Nonetheless, we have protected the right of those lone parents already on benefit while they remain on benefit. There are no current cash losers. Today nobody will find that tomorrow, or sometime in October, November or any other time, their actual income will drop from what they are currently receiving. I was pressed on this matter by my noble friends in Committee. We have introduced a linking rule to protect them for 12 weeks so that if they start a job which does not work out they can return to their benefit level.

The year 1998-99 is a tight year for expenditure, not least because we have uprated all the main benefits in line with the actual inflation we inherited rather than the lower figure assumed in the 1996 Budget which we inherited. That has given the department an additional bill of some £600 million which was not built into the original budget figures, but nonetheless we have honoured it in order to uprate benefits in line with inflation.

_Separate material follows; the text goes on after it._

(* For all KAT-morphisms $(\mathfrak{s},\mathfrak{t}): (\Sigma_0,T_0) \to (\Sigma_1,T_1)$ and all $e \in \mathsf{KAT}(\Sigma_0,T_0)$, we have $L(\mathrm{apply}^\mathfrak{s}_\mathfrak{t}(e)) = \mathrm{apply}^{\mathfrak{s}'}_\mathfrak{t}(L(e))$, where $\mathfrak{s}'$ is given by $\mathfrak{s}'(p) = L(\mathfrak{s}(p))$.
   Context: $\mathsf{KAT}(\Sigma,T)$ is the set of KAT expressions over action alphabet $\Sigma$ and test alphabet $T$, $\mathsf{BA}(T)$ the set of Boolean test expressions over $T$, $\mathsf{At}_T = 2^T$ the set of atoms, and $L(e)$ the guarded-string language semantics of a KAT expression $e$; $\mathcal{G}(\Sigma,T)$ denotes the set of regular guarded languages (sets of strings in $\mathsf{At}_T(\Sigma\mathsf{At}_T)^*$). Guarded composition $w\diamond x$ of $w=w'\alpha$ and $x=\alpha x'$ is $w'\alpha x'$ (defined only when the last atom of $w$ equals the first atom of $x$). A KAT-morphism $(\mathfrak{s},\mathfrak{t}):(\Sigma_0,T_0)\to(\Sigma_1,T_1)$ is a pair of functions $\mathfrak{s}:\Sigma_0\to\mathsf{KAT}(\Sigma_1,T_1)$ and $\mathfrak{t}:T_0\to\mathsf{BA}(T_1)$; on expressions, $\mathrm{apply}^\mathfrak{s}_\mathfrak{t}(e)$ is obtained from $e$ by replacing each test $t\in T_0$ by $\mathfrak{t}(t)$ and each action $p\in\Sigma_0$ by $\mathfrak{s}(p)$. For a guarded language morphism $(\mathfrak{s},\mathfrak{t})$ with $\mathfrak{s}:\Sigma_0\to\mathcal{G}(\Sigma_1,T_1)$ and $\mathfrak{t}:T_0\to\mathsf{BA}(T_1)$: an atom $\beta\in\mathsf{At}_{T_1}$ is $\mathfrak{t}$-consistent with $\alpha\in\mathsf{At}_{T_0}$ if for all $t\in T_0$, $\alpha\le t$ iff $\beta\le\mathfrak{t}(t)$; for $L\in\mathcal{G}(\Sigma_0,T_0)$, $\mathrm{apply}_\mathfrak{t}(L)$ consists of all $\beta_0p_0\beta_1\cdots p_{n-1}\beta_n$ such that $\alpha_0p_0\alpha_1\cdots p_{n-1}\alpha_n\in L$ and each $\beta_i$ is $\mathfrak{t}$-consistent with $\alpha_i$; for $L\in\mathcal{G}(\Sigma_0,T_1)$, $\mathrm{apply}^\mathfrak{s}(L)$ consists of all $\alpha_0\diamond w_0\diamond\alpha_1\diamond\cdots\diamond\alpha_{n-1}\diamond w_{n-1}\diamond\alpha_n$ with $\alpha_0p_0\alpha_1\cdots p_{n-1}\alpha_n\in L$ and $w_i\in\mathfrak{s}(p_i)$; and $\mathrm{apply}^\mathfrak{s}_\mathfrak{t} = \mathrm{apply}^\mathfrak{s}\circ\mathrm{apply}_\mathfrak{t}$. *)

From Stdlib Require Import List.
From mathcomp Require Import all_boot.
Set Implicit Arguments. Unset Strict Implicit. Unset Printing Implicit Defensive.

That means that there are real constraints on the budget and our priority and choice has been to help all vulnerable families, especially those on low incomes with young children. After that we have made it our priority to give more help to all families from next April as extra resources are available. We are delivering this help through increases in child benefit and to the family premium in the income-related benefits.

Once that strategy has unfolded, over 1 million lone parents will have a direct financial gain. We have ensured that the earliest help, in November of this year, is directed to the most vulnerable families, such as those on low incomes with young children. From April 1999 no family with a child under the age of 11, and in receipt of income-related benefits, will be any worse off and some families will see significant gains. Many lone parents will also gain from the opportunities to work created by the New Deal, the working families tax credit and the national childcare strategy, to say nothing of the proposals that we hope to bring forward through the reform of the child support system. Work will bring further gains in the standard of living of lone parents, and the important benefits of improved self-esteem and increased independence, as well as providing a role model for future generations.

If the Government were to accept this amendment it would increase expenditure not only in this year and the next, but there would be a knock-on effect for a number of years and beyond. It would add over £250 million to our expenditure in the first three years alone.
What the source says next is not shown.